(Items from a data source)
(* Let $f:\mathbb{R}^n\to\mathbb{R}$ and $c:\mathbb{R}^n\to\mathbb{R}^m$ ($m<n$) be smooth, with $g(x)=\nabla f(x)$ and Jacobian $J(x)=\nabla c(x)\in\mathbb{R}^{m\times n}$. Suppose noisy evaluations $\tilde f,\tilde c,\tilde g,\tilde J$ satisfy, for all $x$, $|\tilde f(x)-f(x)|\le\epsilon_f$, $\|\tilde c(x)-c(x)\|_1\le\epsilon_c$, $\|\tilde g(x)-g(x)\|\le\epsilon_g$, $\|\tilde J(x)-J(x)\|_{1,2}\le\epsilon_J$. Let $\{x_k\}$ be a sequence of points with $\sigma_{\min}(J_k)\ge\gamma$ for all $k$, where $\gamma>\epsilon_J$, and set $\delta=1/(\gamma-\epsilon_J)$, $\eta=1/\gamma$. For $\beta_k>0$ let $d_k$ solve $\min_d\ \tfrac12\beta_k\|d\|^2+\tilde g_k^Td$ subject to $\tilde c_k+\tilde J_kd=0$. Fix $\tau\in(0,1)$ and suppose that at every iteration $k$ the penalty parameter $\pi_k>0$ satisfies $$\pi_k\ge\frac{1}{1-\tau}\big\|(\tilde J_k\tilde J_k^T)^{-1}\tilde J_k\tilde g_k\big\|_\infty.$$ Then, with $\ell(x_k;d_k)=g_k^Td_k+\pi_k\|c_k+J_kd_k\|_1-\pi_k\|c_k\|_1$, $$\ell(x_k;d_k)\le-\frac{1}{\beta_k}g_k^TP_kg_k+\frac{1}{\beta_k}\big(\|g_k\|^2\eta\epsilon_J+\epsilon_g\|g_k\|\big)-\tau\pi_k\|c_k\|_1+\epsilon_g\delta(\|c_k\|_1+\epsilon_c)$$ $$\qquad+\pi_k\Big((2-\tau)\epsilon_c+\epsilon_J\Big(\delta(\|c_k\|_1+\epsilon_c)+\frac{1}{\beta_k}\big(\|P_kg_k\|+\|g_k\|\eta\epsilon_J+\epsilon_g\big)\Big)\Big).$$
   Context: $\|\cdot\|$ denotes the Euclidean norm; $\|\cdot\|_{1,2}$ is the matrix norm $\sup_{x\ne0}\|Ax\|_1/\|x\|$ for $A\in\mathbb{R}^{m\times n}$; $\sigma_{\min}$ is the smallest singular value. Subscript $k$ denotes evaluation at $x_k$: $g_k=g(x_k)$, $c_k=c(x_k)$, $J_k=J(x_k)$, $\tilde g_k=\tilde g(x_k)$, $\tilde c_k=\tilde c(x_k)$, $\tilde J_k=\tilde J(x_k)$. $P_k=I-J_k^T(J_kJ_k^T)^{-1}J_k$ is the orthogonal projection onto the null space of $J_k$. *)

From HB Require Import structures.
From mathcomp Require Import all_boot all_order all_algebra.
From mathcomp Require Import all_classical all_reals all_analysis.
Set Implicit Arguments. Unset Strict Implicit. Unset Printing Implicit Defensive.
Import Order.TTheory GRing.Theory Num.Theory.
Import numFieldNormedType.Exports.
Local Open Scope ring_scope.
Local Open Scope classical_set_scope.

--

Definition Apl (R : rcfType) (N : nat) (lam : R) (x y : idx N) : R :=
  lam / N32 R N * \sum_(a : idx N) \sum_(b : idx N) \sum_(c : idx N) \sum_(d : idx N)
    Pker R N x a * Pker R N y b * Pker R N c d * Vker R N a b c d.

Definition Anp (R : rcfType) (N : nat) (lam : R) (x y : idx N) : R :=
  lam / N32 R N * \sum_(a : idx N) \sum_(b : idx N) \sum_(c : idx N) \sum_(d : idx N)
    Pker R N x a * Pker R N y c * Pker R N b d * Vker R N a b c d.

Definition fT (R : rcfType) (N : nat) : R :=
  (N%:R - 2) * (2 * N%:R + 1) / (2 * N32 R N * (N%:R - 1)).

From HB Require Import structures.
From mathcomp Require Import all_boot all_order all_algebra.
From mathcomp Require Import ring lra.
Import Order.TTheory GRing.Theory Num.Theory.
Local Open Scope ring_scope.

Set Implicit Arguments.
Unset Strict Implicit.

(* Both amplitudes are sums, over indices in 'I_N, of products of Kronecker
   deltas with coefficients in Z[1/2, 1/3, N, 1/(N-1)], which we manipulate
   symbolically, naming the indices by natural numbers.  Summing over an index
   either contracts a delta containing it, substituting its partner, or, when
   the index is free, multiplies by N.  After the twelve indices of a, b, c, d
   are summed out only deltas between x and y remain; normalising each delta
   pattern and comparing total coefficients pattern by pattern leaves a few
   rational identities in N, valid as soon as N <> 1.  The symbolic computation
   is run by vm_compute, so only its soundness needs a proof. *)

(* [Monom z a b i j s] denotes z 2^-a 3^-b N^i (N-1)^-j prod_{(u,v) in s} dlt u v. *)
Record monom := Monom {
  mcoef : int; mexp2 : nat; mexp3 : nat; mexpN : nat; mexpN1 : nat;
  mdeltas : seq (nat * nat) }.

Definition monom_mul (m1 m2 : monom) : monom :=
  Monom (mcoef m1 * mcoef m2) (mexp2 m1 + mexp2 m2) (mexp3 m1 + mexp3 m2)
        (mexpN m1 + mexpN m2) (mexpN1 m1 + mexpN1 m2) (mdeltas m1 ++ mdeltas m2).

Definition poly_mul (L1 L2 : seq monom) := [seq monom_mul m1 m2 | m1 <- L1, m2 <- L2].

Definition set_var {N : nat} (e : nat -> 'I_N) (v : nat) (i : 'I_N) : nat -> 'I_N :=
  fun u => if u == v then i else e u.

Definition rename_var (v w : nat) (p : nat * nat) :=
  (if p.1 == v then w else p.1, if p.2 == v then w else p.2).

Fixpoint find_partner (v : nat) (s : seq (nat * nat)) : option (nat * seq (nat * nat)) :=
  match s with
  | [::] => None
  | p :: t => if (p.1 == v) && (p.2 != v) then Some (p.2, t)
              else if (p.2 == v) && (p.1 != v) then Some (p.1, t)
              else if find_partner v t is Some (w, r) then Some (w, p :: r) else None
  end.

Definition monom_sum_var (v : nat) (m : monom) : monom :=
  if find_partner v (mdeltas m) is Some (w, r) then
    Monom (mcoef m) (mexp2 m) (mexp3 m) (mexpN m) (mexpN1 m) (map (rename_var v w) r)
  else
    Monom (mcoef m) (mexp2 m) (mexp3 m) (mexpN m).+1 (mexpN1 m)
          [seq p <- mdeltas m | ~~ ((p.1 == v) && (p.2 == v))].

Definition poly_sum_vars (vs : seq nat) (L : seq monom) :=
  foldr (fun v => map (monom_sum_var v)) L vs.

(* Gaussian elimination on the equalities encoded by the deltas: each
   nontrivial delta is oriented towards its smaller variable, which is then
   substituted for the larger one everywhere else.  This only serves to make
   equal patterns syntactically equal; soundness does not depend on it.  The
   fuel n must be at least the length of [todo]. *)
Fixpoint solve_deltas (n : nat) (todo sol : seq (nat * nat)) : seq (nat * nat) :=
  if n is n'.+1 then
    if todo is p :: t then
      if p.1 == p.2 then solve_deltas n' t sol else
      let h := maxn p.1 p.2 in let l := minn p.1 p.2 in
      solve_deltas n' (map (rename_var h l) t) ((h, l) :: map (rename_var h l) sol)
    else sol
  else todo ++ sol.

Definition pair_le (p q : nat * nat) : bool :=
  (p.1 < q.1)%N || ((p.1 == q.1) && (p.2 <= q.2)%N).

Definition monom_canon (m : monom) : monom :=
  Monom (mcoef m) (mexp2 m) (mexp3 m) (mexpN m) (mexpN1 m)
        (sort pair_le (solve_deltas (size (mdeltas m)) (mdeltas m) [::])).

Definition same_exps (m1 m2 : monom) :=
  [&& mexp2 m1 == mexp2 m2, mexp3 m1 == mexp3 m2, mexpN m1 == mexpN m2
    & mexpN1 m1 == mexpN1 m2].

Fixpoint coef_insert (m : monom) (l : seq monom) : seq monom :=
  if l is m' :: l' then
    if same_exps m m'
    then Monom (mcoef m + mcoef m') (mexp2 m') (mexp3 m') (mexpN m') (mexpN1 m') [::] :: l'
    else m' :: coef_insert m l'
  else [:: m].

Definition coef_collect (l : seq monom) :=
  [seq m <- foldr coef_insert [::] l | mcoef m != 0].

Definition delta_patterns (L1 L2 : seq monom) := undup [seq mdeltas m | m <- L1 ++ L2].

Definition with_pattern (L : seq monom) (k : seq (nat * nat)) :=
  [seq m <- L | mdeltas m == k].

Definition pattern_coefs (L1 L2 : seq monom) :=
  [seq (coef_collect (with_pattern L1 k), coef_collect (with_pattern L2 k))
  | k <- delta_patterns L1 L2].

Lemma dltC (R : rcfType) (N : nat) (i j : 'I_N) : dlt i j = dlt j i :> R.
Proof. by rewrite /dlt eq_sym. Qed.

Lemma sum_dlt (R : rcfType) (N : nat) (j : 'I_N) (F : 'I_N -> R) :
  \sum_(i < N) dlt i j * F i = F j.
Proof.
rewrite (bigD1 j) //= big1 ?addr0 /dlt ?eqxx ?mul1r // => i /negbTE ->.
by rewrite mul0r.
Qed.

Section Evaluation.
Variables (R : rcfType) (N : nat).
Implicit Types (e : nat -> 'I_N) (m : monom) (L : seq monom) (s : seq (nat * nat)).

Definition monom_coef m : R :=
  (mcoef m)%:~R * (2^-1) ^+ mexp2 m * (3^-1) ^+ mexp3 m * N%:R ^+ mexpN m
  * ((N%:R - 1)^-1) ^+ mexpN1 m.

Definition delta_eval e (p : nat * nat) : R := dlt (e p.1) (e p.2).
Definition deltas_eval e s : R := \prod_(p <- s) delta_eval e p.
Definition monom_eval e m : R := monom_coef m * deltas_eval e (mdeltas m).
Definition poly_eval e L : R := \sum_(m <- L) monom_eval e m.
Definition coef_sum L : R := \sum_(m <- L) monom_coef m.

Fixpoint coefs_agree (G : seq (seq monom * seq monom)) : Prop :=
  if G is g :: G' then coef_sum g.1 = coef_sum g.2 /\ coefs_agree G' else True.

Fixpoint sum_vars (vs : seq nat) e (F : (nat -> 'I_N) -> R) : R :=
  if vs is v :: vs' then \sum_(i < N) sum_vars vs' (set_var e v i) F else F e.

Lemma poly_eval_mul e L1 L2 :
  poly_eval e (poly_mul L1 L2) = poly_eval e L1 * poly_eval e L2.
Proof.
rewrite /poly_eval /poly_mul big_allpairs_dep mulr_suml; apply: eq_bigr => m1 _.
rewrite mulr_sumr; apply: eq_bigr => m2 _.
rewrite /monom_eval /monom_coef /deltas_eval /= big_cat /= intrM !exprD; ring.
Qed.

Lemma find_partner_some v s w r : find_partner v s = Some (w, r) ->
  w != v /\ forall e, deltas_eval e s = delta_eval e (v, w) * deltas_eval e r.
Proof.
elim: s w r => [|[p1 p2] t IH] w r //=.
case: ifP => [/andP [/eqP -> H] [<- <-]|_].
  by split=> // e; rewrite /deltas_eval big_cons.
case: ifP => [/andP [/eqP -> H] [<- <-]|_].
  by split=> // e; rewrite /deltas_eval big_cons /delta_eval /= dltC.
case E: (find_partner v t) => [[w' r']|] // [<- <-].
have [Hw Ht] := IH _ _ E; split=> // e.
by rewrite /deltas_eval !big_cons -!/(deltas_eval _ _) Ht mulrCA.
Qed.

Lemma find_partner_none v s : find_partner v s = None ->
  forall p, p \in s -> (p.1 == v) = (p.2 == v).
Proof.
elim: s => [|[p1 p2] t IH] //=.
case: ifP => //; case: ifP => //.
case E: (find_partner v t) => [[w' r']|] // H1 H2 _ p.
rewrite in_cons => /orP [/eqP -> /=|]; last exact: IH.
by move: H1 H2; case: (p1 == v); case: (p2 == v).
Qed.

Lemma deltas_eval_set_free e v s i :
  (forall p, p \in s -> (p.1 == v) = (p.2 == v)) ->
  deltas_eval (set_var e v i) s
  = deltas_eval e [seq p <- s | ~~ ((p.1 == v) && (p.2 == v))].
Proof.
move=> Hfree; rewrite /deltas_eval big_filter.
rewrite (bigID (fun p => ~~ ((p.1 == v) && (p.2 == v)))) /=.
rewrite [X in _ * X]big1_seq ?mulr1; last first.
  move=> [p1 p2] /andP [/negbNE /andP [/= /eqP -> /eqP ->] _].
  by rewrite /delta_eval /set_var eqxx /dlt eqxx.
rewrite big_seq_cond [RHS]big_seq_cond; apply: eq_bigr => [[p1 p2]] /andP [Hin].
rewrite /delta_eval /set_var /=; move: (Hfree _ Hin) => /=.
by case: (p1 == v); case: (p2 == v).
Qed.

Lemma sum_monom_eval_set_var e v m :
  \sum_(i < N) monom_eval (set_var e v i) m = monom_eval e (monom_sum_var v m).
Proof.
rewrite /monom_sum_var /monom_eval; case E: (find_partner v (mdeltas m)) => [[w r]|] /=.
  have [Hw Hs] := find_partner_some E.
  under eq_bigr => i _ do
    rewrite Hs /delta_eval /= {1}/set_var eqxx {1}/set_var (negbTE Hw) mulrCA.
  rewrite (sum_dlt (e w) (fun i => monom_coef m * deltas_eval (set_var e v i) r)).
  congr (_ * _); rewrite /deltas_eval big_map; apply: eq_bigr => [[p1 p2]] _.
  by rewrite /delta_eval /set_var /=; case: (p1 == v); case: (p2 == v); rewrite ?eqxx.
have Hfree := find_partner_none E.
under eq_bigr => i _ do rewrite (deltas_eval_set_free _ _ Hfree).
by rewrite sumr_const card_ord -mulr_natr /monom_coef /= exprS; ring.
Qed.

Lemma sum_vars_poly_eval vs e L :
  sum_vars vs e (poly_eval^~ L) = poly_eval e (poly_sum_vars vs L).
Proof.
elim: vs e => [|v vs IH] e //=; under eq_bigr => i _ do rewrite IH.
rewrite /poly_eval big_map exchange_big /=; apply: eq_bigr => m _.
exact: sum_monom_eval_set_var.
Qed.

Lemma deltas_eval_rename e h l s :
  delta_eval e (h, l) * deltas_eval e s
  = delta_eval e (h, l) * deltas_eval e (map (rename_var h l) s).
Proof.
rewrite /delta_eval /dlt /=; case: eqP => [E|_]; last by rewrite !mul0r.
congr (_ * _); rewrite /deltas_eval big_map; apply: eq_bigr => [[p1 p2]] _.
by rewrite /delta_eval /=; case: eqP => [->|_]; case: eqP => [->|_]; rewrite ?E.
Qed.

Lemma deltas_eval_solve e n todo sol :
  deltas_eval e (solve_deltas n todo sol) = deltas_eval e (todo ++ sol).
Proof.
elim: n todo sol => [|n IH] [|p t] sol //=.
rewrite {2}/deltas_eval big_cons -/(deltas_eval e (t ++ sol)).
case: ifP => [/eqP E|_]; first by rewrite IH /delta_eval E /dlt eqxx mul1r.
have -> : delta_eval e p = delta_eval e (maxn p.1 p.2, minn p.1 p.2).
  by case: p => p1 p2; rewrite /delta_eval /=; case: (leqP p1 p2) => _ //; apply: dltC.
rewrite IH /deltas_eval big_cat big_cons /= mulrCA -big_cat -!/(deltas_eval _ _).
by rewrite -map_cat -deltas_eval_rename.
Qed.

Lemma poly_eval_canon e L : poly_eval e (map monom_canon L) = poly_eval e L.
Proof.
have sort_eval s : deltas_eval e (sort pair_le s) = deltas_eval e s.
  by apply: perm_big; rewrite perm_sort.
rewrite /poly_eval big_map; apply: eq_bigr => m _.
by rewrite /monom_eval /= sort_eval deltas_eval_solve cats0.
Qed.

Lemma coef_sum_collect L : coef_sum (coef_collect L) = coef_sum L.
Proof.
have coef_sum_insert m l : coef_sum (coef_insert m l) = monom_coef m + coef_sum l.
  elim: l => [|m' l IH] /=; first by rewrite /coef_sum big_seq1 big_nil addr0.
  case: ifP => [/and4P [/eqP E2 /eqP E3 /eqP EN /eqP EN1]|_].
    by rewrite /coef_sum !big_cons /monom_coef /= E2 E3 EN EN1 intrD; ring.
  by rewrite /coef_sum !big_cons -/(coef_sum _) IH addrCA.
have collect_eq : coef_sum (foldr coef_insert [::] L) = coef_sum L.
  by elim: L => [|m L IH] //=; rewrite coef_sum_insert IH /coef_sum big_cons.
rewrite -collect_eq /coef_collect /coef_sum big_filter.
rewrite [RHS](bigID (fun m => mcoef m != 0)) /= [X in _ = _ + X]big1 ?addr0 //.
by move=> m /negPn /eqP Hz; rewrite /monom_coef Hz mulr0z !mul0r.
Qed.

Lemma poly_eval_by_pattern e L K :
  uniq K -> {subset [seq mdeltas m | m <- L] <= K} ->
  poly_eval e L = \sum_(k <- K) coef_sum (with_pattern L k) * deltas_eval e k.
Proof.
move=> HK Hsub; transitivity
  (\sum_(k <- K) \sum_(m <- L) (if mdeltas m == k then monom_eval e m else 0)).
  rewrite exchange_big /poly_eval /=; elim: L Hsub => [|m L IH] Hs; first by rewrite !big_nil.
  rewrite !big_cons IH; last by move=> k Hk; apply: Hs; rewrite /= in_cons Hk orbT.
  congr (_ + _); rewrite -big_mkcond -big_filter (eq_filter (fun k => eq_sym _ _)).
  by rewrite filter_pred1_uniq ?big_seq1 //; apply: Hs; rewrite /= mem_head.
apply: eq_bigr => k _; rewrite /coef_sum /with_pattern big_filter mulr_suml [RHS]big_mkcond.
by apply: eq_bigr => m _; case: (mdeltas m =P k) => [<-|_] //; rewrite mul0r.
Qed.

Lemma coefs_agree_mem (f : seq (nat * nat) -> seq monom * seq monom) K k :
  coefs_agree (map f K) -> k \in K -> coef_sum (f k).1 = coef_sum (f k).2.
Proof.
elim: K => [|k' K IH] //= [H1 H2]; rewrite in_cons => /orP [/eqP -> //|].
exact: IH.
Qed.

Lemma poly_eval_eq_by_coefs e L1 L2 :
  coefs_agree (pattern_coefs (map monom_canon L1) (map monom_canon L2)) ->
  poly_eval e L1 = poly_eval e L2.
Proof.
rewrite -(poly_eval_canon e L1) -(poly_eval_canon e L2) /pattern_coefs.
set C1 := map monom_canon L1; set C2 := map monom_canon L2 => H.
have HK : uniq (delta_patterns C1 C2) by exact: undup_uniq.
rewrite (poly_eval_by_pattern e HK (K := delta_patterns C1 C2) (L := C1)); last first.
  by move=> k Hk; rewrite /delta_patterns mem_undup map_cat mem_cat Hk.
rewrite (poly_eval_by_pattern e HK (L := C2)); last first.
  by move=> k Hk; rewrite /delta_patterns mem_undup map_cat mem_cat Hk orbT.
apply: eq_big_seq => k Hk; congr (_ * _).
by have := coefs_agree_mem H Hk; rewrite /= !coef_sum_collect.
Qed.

◆ **ACTIVITY**:
Using the data above, repeat exactly the lines that begin at the line with "[seq p <- mdeltas" and end at the line with "Variables (R : rcfType) (N : nat).", both ends included.

◆ **EXERCISE RESULT**:
          [seq p <- mdeltas m | ~~ ((p.1 == v) && (p.2 == v))].

Definition poly_sum_vars (vs : seq nat) (L : seq monom) :=
  foldr (fun v => map (monom_sum_var v)) L vs.

(* Gaussian elimination on the equalities encoded by the deltas: each
   nontrivial delta is oriented towards its smaller variable, which is then
   substituted for the larger one everywhere else.  This only serves to make
   equal patterns syntactically equal; soundness does not depend on it.  The
   fuel n must be at least the length of [todo]. *)
Fixpoint solve_deltas (n : nat) (todo sol : seq (nat * nat)) : seq (nat * nat) :=
  if n is n'.+1 then
    if todo is p :: t then
      if p.1 == p.2 then solve_deltas n' t sol else
      let h := maxn p.1 p.2 in let l := minn p.1 p.2 in
      solve_deltas n' (map (rename_var h l) t) ((h, l) :: map (rename_var h l) sol)
    else sol
  else todo ++ sol.

Definition pair_le (p q : nat * nat) : bool :=
  (p.1 < q.1)%N || ((p.1 == q.1) && (p.2 <= q.2)%N).

Definition monom_canon (m : monom) : monom :=
  Monom (mcoef m) (mexp2 m) (mexp3 m) (mexpN m) (mexpN1 m)
        (sort pair_le (solve_deltas (size (mdeltas m)) (mdeltas m) [::])).

Definition same_exps (m1 m2 : monom) :=
  [&& mexp2 m1 == mexp2 m2, mexp3 m1 == mexp3 m2, mexpN m1 == mexpN m2
    & mexpN1 m1 == mexpN1 m2].

Fixpoint coef_insert (m : monom) (l : seq monom) : seq monom :=
  if l is m' :: l' then
    if same_exps m m'
    then Monom (mcoef m + mcoef m') (mexp2 m') (mexp3 m') (mexpN m') (mexpN1 m') [::] :: l'
    else m' :: coef_insert m l'
  else [:: m].

Definition coef_collect (l : seq monom) :=
  [seq m <- foldr coef_insert [::] l | mcoef m != 0].

Definition delta_patterns (L1 L2 : seq monom) := undup [seq mdeltas m | m <- L1 ++ L2].

Definition with_pattern (L : seq monom) (k : seq (nat * nat)) :=
  [seq m <- L | mdeltas m == k].

Definition pattern_coefs (L1 L2 : seq monom) :=
  [seq (coef_collect (with_pattern L1 k), coef_collect (with_pattern L2 k))
  | k <- delta_patterns L1 L2].

Lemma dltC (R : rcfType) (N : nat) (i j : 'I_N) : dlt i j = dlt j i :> R.
Proof. by rewrite /dlt eq_sym. Qed.

Lemma sum_dlt (R : rcfType) (N : nat) (j : 'I_N) (F : 'I_N -> R) :
  \sum_(i < N) dlt i j * F i = F j.
Proof.
rewrite (bigD1 j) //= big1 ?addr0 /dlt ?eqxx ?mul1r // => i /negbTE ->.
by rewrite mul0r.
Qed.

Section Evaluation.
Variables (R : rcfType) (N : nat).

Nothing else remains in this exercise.